▶ [Task statement] Note every line in the entries that contains the string "mathcal", and copy it.

──────── Supplied data

(* Let $\mathcal{G}$ be a (possibly weighted) undirected graph on $n$ vertices $v_1,\dots,v_n$ in which every vertex has positive degree, and let $\mathbf{P}$, $\mathbf{D}$ be as in the context. Let $0 < t_1 < t_2 < \cdots < t_J$ be integers ($J \ge 1$), and define the filter bank $\mathcal{W}_J' = \{\boldsymbol{\Psi}_j', \boldsymbol{\Phi}_J'\}_{j=0}^{J-1}$ by $$\boldsymbol{\Psi}_0' = \mathbf{I}_n - \mathbf{P}^{t_1},\qquad \boldsymbol{\Psi}_j' = \mathbf{P}^{t_j} - \mathbf{P}^{t_{j+1}}\ (1 \le j \le J-1),\qquad \boldsymbol{\Phi}_J' = \mathbf{P}^{t_J}.$$ Then there exists a constant $C > 0$ depending only on $t_1$ and $t_J$ such that for all $\mathbf{x} \in \mathbb{R}^n$, $$C\,\|\mathbf{x}\|_{\mathbf{D}^{-1/2}}^2 \;\le\; \|\boldsymbol{\Phi}_J'\mathbf{x}\|_{\mathbf{D}^{-1/2}}^2 + \sum_{j=0}^{J-1} \|\boldsymbol{\Psi}_j'\mathbf{x}\|_{\mathbf{D}^{-1/2}}^2 \;\le\; \|\mathbf{x}\|_{\mathbf{D}^{-1/2}}^2 .$$
   Context: $\mathbf{A}$ denotes the (symmetric, nonnegative) weighted adjacency matrix of $\mathcal{G}$, $d_i = \sum_k \mathbf{A}[i,k] > 0$ the degree of $v_i$, and $\mathbf{D} = \mathrm{diag}(d_1,\dots,d_n)$. $\mathbf{P} = \tfrac12(\mathbf{I}_n + \mathbf{A}\mathbf{D}^{-1})$ is the lazy random walk matrix; $\mathbf{P}^t$ denotes its $t$-th matrix power. Graph signals $\mathbf{x}\in\mathbb{R}^n$ are equipped with the weighted inner product $\langle \mathbf{x},\mathbf{y}\rangle_{\mathbf{D}^{-1/2}} = \langle \mathbf{D}^{-1/2}\mathbf{x}, \mathbf{D}^{-1/2}\mathbf{y}\rangle$ (standard Euclidean inner product on the right) and induced norm $\|\mathbf{x}\|_{\mathbf{D}^{-1/2}}^2 = \|\mathbf{D}^{-1/2}\mathbf{x}\|_2^2 = \sum_{i=1}^n \mathbf{x}[i]^2/d_i$; this space is denoted $L^2(\mathcal{G},\mathbf{D}^{-1/2})$. *)

From HB Require Import structures.
From mathcomp Require Import all_boot all_order all_algebra.
From mathcomp Require Import reals.
Set Implicit Arguments. Unset Strict Implicit. Unset Printing Implicit Defensive.
Import Order.TTheory GRing.Theory Num.Theory.
Local Open Scope ring_scope.

Definition deg {R : realType} {n : nat} (A : 'M[R]_n) (i : 'I_n) : R :=
  \sum_(k < n) A i k.

Definition Dinv {R : realType} {n : nat} (A : 'M[R]_n) : 'M[R]_n :=
  diag_mx (\row_i (deg A i)^-1).

(* Lazy random walk matrix P = 1/2 (I + A D^{-1}). *)
Definition lazyP {R : realType} {n : nat} (A : 'M[R]_n) : 'M[R]_n :=
  (2%:R)^-1 *: (1%:M + A *m Dinv A).

Definition mxpow {R : realType} {n : nat} (M : 'M[R]_n) (t : nat) : 'M[R]_n :=
  iter t (mulmx M) 1%:M.

Definition wnorm2 {R : realType} {n : nat} (A : 'M[R]_n) (x : 'cV[R]_n) : R :=
  \sum_(i < n) (x i 0) ^+ 2 / deg A i.

(* Filter bank W_J': scales t 1 < ... < t J (1-indexed). *)
Definition Psi' {R : realType} {n : nat} (A : 'M[R]_n) (t : nat -> nat) (j : nat)
  : 'M[R]_n :=
  if j == 0%N then 1%:M - mxpow (lazyP A) (t 1%N)
  else mxpow (lazyP A) (t j) - mxpow (lazyP A) (t j.+1).

Definition Phi' {R : realType} {n : nat} (A : 'M[R]_n) (t : nat -> nat) (J : nat)
  : 'M[R]_n := mxpow (lazyP A) (t J).

(* For the weighted inner product <x, y> = x^T D^-1 y, the lazy walk P is
   self-adjoint and 0 <= P <= I, since D^-1 P = (D^-1 + D^-1 A D^-1) / 2 and
   sum_ik A_ik (x_i/d_i +- x_k/d_k)^2 >= 0.  Hence m |-> <x, P^m x> is
   nonincreasing (write P^m = P^k P^r P^k with r in {0, 1}), which gives
   |P^a x - P^b x|^2 + |P^b x|^2 <= |P^a x|^2 for a <= b; telescoping over
   the scales yields the upper frame bound 1.  The filters sum to I, so by
   Cauchy-Schwarz |x|^2 <= (J + 1) * (frame energy), and J <= t_J because
   the scales are strictly increasing positive integers: the lower frame
   bound is C = 1 / (t_J + 1). *)
From HB Require Import structures.
From mathcomp Require Import all_boot all_order all_algebra.
From mathcomp Require Import reals.
From mathcomp Require Import ring lra zify.
Set Implicit Arguments. Unset Strict Implicit. Unset Printing Implicit Defensive.
Import Order.TTheory GRing.Theory Num.Theory.
Local Open Scope ring_scope.

Lemma mxpowD (R : realType) n (M : 'M[R]_n) m k :
  mxpow M (m + k) = mxpow M m *m mxpow M k.
Proof.
elim: m => [|m IH]; first by rewrite add0n mul1mx.
by rewrite addSn /mxpow /= -/(mxpow M (m + k)) IH mulmxA.
Qed.

Lemma mxpowSr (R : realType) n (M : 'M[R]_n) m : mxpow M m.+1 = mxpow M m *m M.
Proof. by rewrite -addn1 mxpowD /mxpow /= mulmx1. Qed.

Lemma mxpow1 (R : realType) n (M : 'M[R]_n) : mxpow M 1 = M.
Proof. exact: mulmx1. Qed.

Lemma sqr_sum_le (R : realType) N (a : 'I_N -> R) :
  (\sum_i a i) ^+ 2 <= N%:R * \sum_i a i ^+ 2.
Proof.
have diffs_ge0 : 0 <= \sum_i \sum_j (a i - a j) ^+ 2.
  by apply: sumr_ge0 => i _; apply: sumr_ge0 => j _; exact: sqr_ge0.
have diffsE : \sum_i \sum_j (a i - a j) ^+ 2 =
  \sum_i \sum_j (a i ^+ 2 + a j ^+ 2 - 2%:R * (a i * a j)).
  by apply: eq_bigr => i _; apply: eq_bigr => j _; ring.
move: diffs_ge0; rewrite diffsE.
under eq_bigr => i _ do rewrite sumrB big_split /= sumr_const card_ord -mulr_sumr.
rewrite sumrB big_split /= sumr_const card_ord -mulr_sumr.
under [X in _ * X]eq_bigr => i _ do rewrite -mulr_sumr.
rewrite -mulr_suml -expr2 sumrMnl -mulr_natl.
move=> h; lra.
Qed.

Section WeightedInnerProduct.
Variables (R : realType) (n : nat) (w : 'I_n -> R).
Hypothesis w_gt0 : forall i, 0 < w i.

Definition wdot (x y : 'cV[R]_n) : R := \sum_i x i 0 * y i 0 / w i.

Lemma wdotC x y : wdot x y = wdot y x.
Proof. by apply: eq_bigr => i _; rewrite (mulrC (x i 0)). Qed.

Lemma wdotDl x y z : wdot (x + y) z = wdot x z + wdot y z.
Proof. rewrite /wdot -big_split; apply: eq_bigr => i _; rewrite /= !mxE; ring. Qed.

Lemma wdotBl x y z : wdot (x - y) z = wdot x z - wdot y z.
Proof. rewrite /wdot -sumrB; apply: eq_bigr => i _; rewrite !mxE; ring. Qed.

Lemma wdotZl a x y : wdot (a *: x) y = a * wdot x y.
Proof. rewrite /wdot mulr_sumr; apply: eq_bigr => i _; rewrite !mxE; ring. Qed.

Lemma wdotBr x y z : wdot x (y - z) = wdot x y - wdot x z.
Proof. by rewrite wdotC wdotBl ![wdot _ x]wdotC. Qed.

Lemma wdotxx_ge0 x : 0 <= wdot x x.
Proof.
apply: sumr_ge0 => i _; apply: divr_ge0; last exact: ltW.
by rewrite -expr2 sqr_ge0.
Qed.

Lemma wdot_sum_le N (v : 'I_N -> 'cV[R]_n) :
  wdot (\sum_k v k) (\sum_k v k) <= N%:R * \sum_k wdot (v k) (v k).
Proof.
rewrite {1 2}/wdot exchange_big mulr_sumr; apply: ler_sum => i _.
rewrite summxE -mulr_suml mulrA -expr2; apply: ler_wpM2r.
  by rewrite invr_ge0 ltW.
under [X in _ <= _ * X]eq_bigr => k _ do rewrite -expr2.
exact: sqr_sum_le.
Qed.

Lemma telescoping_frame_lower_bound (M : nat -> 'M[R]_n) J x :
  M 0%N = 1%:M ->
  wdot x x <= J.+1%:R *
    (\sum_(j < J) wdot ((M j - M j.+1) *m x) ((M j - M j.+1) *m x)
     + wdot (M J *m x) (M J *m x)).
Proof.
move=> M0.
pose v (i : 'I_J.+1) := if (i < J)%N then (M i - M i.+1) *m x else M J *m x.
have vE : \sum_(j < J) (M j - M j.+1) *m x + M J *m x = \sum_i v i.
  by rewrite big_ord_recr /= /v ltnn; congr (_ + _); apply: eq_bigr => i _; rewrite /= ltn_ord.
have energyE : \sum_(j < J) wdot ((M j - M j.+1) *m x) ((M j - M j.+1) *m x)
    + wdot (M J *m x) (M J *m x) = \sum_i wdot (v i) (v i).
  by rewrite big_ord_recr /= /v ltnn; congr (_ + _); apply: eq_bigr => i _; rewrite /= ltn_ord.
have sum_vE : \sum_i v i = x.
  rewrite -vE -mulmx_suml -(big_mkord xpredT (fun j => M j - M j.+1))
    (@telescope_sumr_eq _ 0 J (fun k => - M k)) //.
    by rewrite opprK addrC mulmxDl mulNmx M0 mul1mx addNKr.
  by move=> k _; rewrite opprK addrC.
by rewrite energyE -{1 2}sum_vE wdot_sum_le.
Qed.

End WeightedInnerProduct.

Section SelfAdjointContraction.
Variables (R : realType) (n : nat) (w : 'I_n -> R) (P : 'M[R]_n).
Hypothesis w_gt0 : forall i, 0 < w i.
Hypothesis P_selfadjoint : forall x y, wdot w (P *m x) y = wdot w x (P *m y).
Hypothesis P_form_ge0 : forall y, 0 <= wdot w y (P *m y).
Hypothesis P_form_le : forall y, wdot w y (P *m y) <= wdot w y y.

Local Notation "<< x , y >>" := (wdot w x y).

Lemma mxpow_selfadjoint m x y : << mxpow P m *m x, y >> = << x, mxpow P m *m y >>.
Proof.
elim: m x y => [|m IH] x y; first by rewrite !mul1mx.
by rewrite {1}/mxpow /= -/(mxpow P m) -mulmxA P_selfadjoint IH mulmxA -mxpowSr.
Qed.

(* Positivity of P at z - P z, together with P <= I at P z. *)
Lemma wdot_mulmx_le z : << P *m z, P *m z >> <= << z, P *m z >>.
Proof.
have := P_form_ge0 (z - P *m z); have := P_form_le (P *m z).
rewrite mulmxBr wdotBl !wdotBr -[<< z, P *m (P *m z) >>]P_selfadjoint.
lra.
Qed.

Lemma wdot_mxpow_split k r y :
  << y, mxpow P (k + r + k) *m y >> = << mxpow P k *m y, mxpow P r *m (mxpow P k *m y) >>.
Proof. by rewrite mxpow_selfadjoint !mxpowD !mulmxA. Qed.

Lemma wdot_mxpowS_le y m :
  << y, mxpow P m.+1 *m y >> <= << y, mxpow P m *m y >>.
Proof.
have m_eq := odd_double_half m; set k := m./2 in m_eq.
case: (odd m) m_eq => m_eq.
- have -> : m.+1 = (k + 2 + k)%N by lia.
  have -> : m = (k + 1 + k)%N by lia.
  rewrite !wdot_mxpow_split mxpowSr mxpow1 -mulmxA -P_selfadjoint.
  exact: wdot_mulmx_le.
- have -> : m.+1 = (k + 1 + k)%N by lia.
  have -> : m = (k + 0 + k)%N by lia.
  rewrite !wdot_mxpow_split mxpow1 mul1mx.
  exact: P_form_le.
Qed.

Lemma wdot_mxpow_le y m m' : (m <= m')%N ->
  << y, mxpow P m' *m y >> <= << y, mxpow P m *m y >>.
Proof.
apply: (@homo_leq _ (fun m => << y, mxpow P m *m y >>) (fun a b => b <= a)) => //.
- by move=> ? ? ? h1 h2; exact: le_trans h2 h1.
- exact: wdot_mxpowS_le.
Qed.

Lemma wdot_mxpowB_le x a b : (a <= b)%N ->
  << (mxpow P a - mxpow P b) *m x, (mxpow P a - mxpow P b) *m x >>
  + << mxpow P b *m x, mxpow P b *m x >> <= << mxpow P a *m x, mxpow P a *m x >>.
Proof.
move=> le_ab.
have square_mxpow c d : << mxpow P c *m x, mxpow P d *m x >> = << x, mxpow P (c + d) *m x >>.
  by rewrite mxpow_selfadjoint mulmxA -mxpowD.
have := wdot_mxpow_le x (leq_add le_ab (leqnn b)).
rewrite mulmxBl wdotBl !wdotBr !square_mxpow (addnC b a); lra.
Qed.

Lemma telescoping_frame_upper_bound (s : nat -> nat) J x :
  (forall j, (j < J)%N -> (s j <= s j.+1)%N) ->
  \sum_(j < J) << (mxpow P (s j) - mxpow P (s j.+1)) *m x,
                  (mxpow P (s j) - mxpow P (s j.+1)) *m x >>
  + << mxpow P (s J) *m x, mxpow P (s J) *m x >>
  <= << mxpow P (s 0%N) *m x, mxpow P (s 0%N) *m x >>.
Proof.
elim: J => [|J IH] s_mono; first by rewrite big_ord0 add0r.
rewrite big_ord_recr /= -addrA.
have := wdot_mxpowB_le x (s_mono J (ltnSn J)).
have := IH (fun j lt_jJ => s_mono j (ltnW lt_jJ)); lra.
Qed.

End SelfAdjointContraction.

Section LazyRandomWalk.
Variables (R : realType) (n : nat) (A : 'M[R]_n).
Hypothesis A_sym : A^T = A.
Hypothesis A_ge0 : forall i j, 0 <= A i j.
Hypothesis deg_gt0 : forall i, 0 < deg A i.

Local Notation "<< x , y >>" := (wdot (deg A) x y).

Lemma A_symE i j : A i j = A j i.
Proof. by rewrite -{1}A_sym mxE. Qed.

Definition adjacency_form (x y : 'cV[R]_n) : R :=
  \sum_i \sum_k A i k * ((deg A k)^-1 * x k 0) * ((deg A i)^-1 * y i 0).

Lemma adjacency_formC x y : adjacency_form x y = adjacency_form y x.
Proof.
rewrite /adjacency_form exchange_big; apply: eq_bigr => i _; apply: eq_bigr => k _.
by rewrite A_symE; ring.
Qed.

Lemma wdot_adjacency x y : << A *m (Dinv A *m x), y >> = adjacency_form x y.
Proof.
apply: eq_bigr => i _; rewrite mxE !mulr_suml; apply: eq_bigr => k _.
by rewrite /Dinv mul_diag_mx !mxE; ring.
Qed.

Lemma lazyP_mulmx (x : 'cV[R]_n) : lazyP A *m x = 2%:R^-1 *: (x + A *m (Dinv A *m x)).
Proof. by rewrite /lazyP -scalemxAl mulmxDl mul1mx mulmxA. Qed.

Lemma lazyP_selfadjoint x y : << lazyP A *m x, y >> = << x, lazyP A *m y >>.
Proof.
rewrite !lazyP_mulmx wdotZl [wdot _ x _]wdotC wdotZl !wdotDl !wdot_adjacency.
by rewrite wdotC adjacency_formC [<< y, x >>]wdotC.
Qed.

Lemma wdot_lazyP y : << y, lazyP A *m y >> = 2%:R^-1 * (<< y, y >> + adjacency_form y y).
Proof. by rewrite wdotC lazyP_mulmx wdotZl wdotDl wdot_adjacency. Qed.

(* Expand 0 <= sum_ik A_ik (u_i + s u_k)^2 with u = D^-1 y and use the
   symmetry of A: both square terms become << y, y >>. *)
Lemma adjacency_form_bound s y : s ^+ 2 = 1 -> 0 <= << y, y >> + s * adjacency_form y y.
Proof.
move=> s2.
pose u i := (deg A i)^-1 * y i 0.
pose Q := \sum_i \sum_k A i k * u i ^+ 2.
have normE : << y, y >> = Q.
  apply: eq_bigr => i _; rewrite -mulr_suml -/(deg A i) /u.
  by field; rewrite gt_eqF.
have Q_sym : \sum_i \sum_k A i k * u k ^+ 2 = Q.
  rewrite /Q exchange_big; apply: eq_bigr => i _; apply: eq_bigr => k _.
  by rewrite A_symE.
have : 0 <= \sum_i \sum_k A i k * (u i + s * u k) ^+ 2.
  by apply: sumr_ge0 => i _; apply: sumr_ge0 => k _; rewrite mulr_ge0 ?sqr_ge0.
have -> : \sum_i \sum_k A i k * (u i + s * u k) ^+ 2 =
    \sum_i \sum_k (A i k * u i ^+ 2 + (2%:R * s) * (A i k * u k * u i)
                   + s ^+ 2 * (A i k * u k ^+ 2)).
  by apply: eq_bigr => i _; apply: eq_bigr => k _; ring.
under eq_bigr => i _ do rewrite !big_split /= -!mulr_sumr.
rewrite !big_split /= -!mulr_sumr -/Q Q_sym -normE s2.
rewrite -[\sum_i \sum_k A i k * u k * u i]/(adjacency_form y y); lra.
Qed.

Lemma lazyP_form_ge0 y : 0 <= << y, lazyP A *m y >>.
Proof.
rewrite wdot_lazyP; have := @adjacency_form_bound 1 y (expr1n _ _); lra.
Qed.

Lemma lazyP_form_le y : << y, lazyP A *m y >> <= << y, y >>.
Proof.
rewrite wdot_lazyP.
have := @adjacency_form_bound (-1) y; rewrite sqrrN expr1n => /(_ erefl).
have := wdotxx_ge0 deg_gt0 y; lra.
Qed.

End LazyRandomWalk.

Lemma wnorm2E (R : realType) n (A : 'M[R]_n) x : wnorm2 A x = wdot (deg A) x x.
Proof. by apply: eq_bigr => i _; rewrite expr2. Qed.

Lemma leq_index_incr (t : nat -> nat) J :
  (0 < t 1)%N -> (forall j, (1 <= j < J)%N -> (t j < t j.+1)%N) ->
  (0 < J)%N -> (J <= t J)%N.
Proof.
move=> t1_gt0; elim: J => [|[|J] IH] // t_incr _.
have := IH (fun j h => t_incr j ltac:(lia)) isT; have := t_incr J.+1; lia.
Qed.

Theorem theorem1 (R : realType) (a b : nat) :
  (0 < a)%N -> (a <= b)%N ->
  exists C : R, 0 < C /\
    forall (n : nat) (A : 'M[R]_n) (J : nat) (t : nat -> nat) (x : 'cV[R]_n),
      A^T = A ->
      (forall i j, 0 <= A i j) ->
      (forall i, 0 < deg A i) ->
      (0 < J)%N ->
      t 1%N = a -> t J = b ->
      (forall j : nat, (1 <= j < J)%N -> (t j < t j.+1)%N) ->
      C * wnorm2 A x <=
        wnorm2 A (Phi' A t J *m x) + \sum_(j < J) wnorm2 A (Psi' A t j *m x)
      /\
      wnorm2 A (Phi' A t J *m x) + \sum_(j < J) wnorm2 A (Psi' A t j *m x)
        <= wnorm2 A x.
Proof.
move=> a_gt0 _; exists b.+1%:R^-1; split; first by rewrite invr_gt0 ltr0n.
move=> n A J t x A_sym A_ge0 deg_gt0 J_gt0 t1 tJ t_incr.
set P := lazyP A.
pose s j := if j == 0%N then 0%N else t j.
have PsiE j : Psi' A t j = mxpow P (s j) - mxpow P (s j.+1) by case: j.
have PhiE : Phi' A t J = mxpow P (s J) by rewrite /s; case: J J_gt0 {t_incr tJ}.
have P_s0 : mxpow P (s 0%N) = 1%:M by [].
have s_mono j : (j < J)%N -> (s j <= s j.+1)%N.
  by case: j => [|j] lt_jJ //; apply/ltnW/t_incr; lia.
have le_Jb : (J <= b)%N by rewrite -tJ leq_index_incr ?t1.
under eq_bigr => j _ do rewrite PsiE wnorm2E.
rewrite PhiE !wnorm2E addrC; split.
- rewrite mulrC ler_pdivrMr ?ltr0n //.
  have := telescoping_frame_lower_bound deg_gt0 (M := fun j => mxpow P (s j)) J x P_s0.
  move/le_trans; apply.
  rewrite [X in _ <= X]mulrC ler_wpM2r ?ler_nat //.
  by apply: addr_ge0; [apply: sumr_ge0 => j _ |]; exact: wdotxx_ge0.
- have := telescoping_frame_upper_bound (lazyP_selfadjoint A_sym)
    (lazyP_form_ge0 A_sym A_ge0 deg_gt0) (lazyP_form_le A_sym A_ge0 deg_gt0) x s_mono.
  by rewrite P_s0 mul1mx.
Qed.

────────────────

▶ [Solution to this task]
(* Let $\mathcal{G}$ be a (possibly weighted) undirected graph on $n$ vertices $v_1,\dots,v_n$ in which every vertex has positive degree, and let $\mathbf{P}$, $\mathbf{D}$ be as in the context. Let $0 < t_1 < t_2 < \cdots < t_J$ be integers ($J \ge 1$), and define the filter bank $\mathcal{W}_J' = \{\boldsymbol{\Psi}_j', \boldsymbol{\Phi}_J'\}_{j=0}^{J-1}$ by $$\boldsymbol{\Psi}_0' = \mathbf{I}_n - \mathbf{P}^{t_1},\qquad \boldsymbol{\Psi}_j' = \mathbf{P}^{t_j} - \mathbf{P}^{t_{j+1}}\ (1 \le j \le J-1),\qquad \boldsymbol{\Phi}_J' = \mathbf{P}^{t_J}.$$ Then there exists a constant $C > 0$ depending only on $t_1$ and $t_J$ such that for all $\mathbf{x} \in \mathbb{R}^n$, $$C\,\|\mathbf{x}\|_{\mathbf{D}^{-1/2}}^2 \;\le\; \|\boldsymbol{\Phi}_J'\mathbf{x}\|_{\mathbf{D}^{-1/2}}^2 + \sum_{j=0}^{J-1} \|\boldsymbol{\Psi}_j'\mathbf{x}\|_{\mathbf{D}^{-1/2}}^2 \;\le\; \|\mathbf{x}\|_{\mathbf{D}^{-1/2}}^2 .$$
   Context: $\mathbf{A}$ denotes the (symmetric, nonnegative) weighted adjacency matrix of $\mathcal{G}$, $d_i = \sum_k \mathbf{A}[i,k] > 0$ the degree of $v_i$, and $\mathbf{D} = \mathrm{diag}(d_1,\dots,d_n)$. $\mathbf{P} = \tfrac12(\mathbf{I}_n + \mathbf{A}\mathbf{D}^{-1})$ is the lazy random walk matrix; $\mathbf{P}^t$ denotes its $t$-th matrix power. Graph signals $\mathbf{x}\in\mathbb{R}^n$ are equipped with the weighted inner product $\langle \mathbf{x},\mathbf{y}\rangle_{\mathbf{D}^{-1/2}} = \langle \mathbf{D}^{-1/2}\mathbf{x}, \mathbf{D}^{-1/2}\mathbf{y}\rangle$ (standard Euclidean inner product on the right) and induced norm $\|\mathbf{x}\|_{\mathbf{D}^{-1/2}}^2 = \|\mathbf{D}^{-1/2}\mathbf{x}\|_2^2 = \sum_{i=1}^n \mathbf{x}[i]^2/d_i$; this space is denoted $L^2(\mathcal{G},\mathbf{D}^{-1/2})$. *)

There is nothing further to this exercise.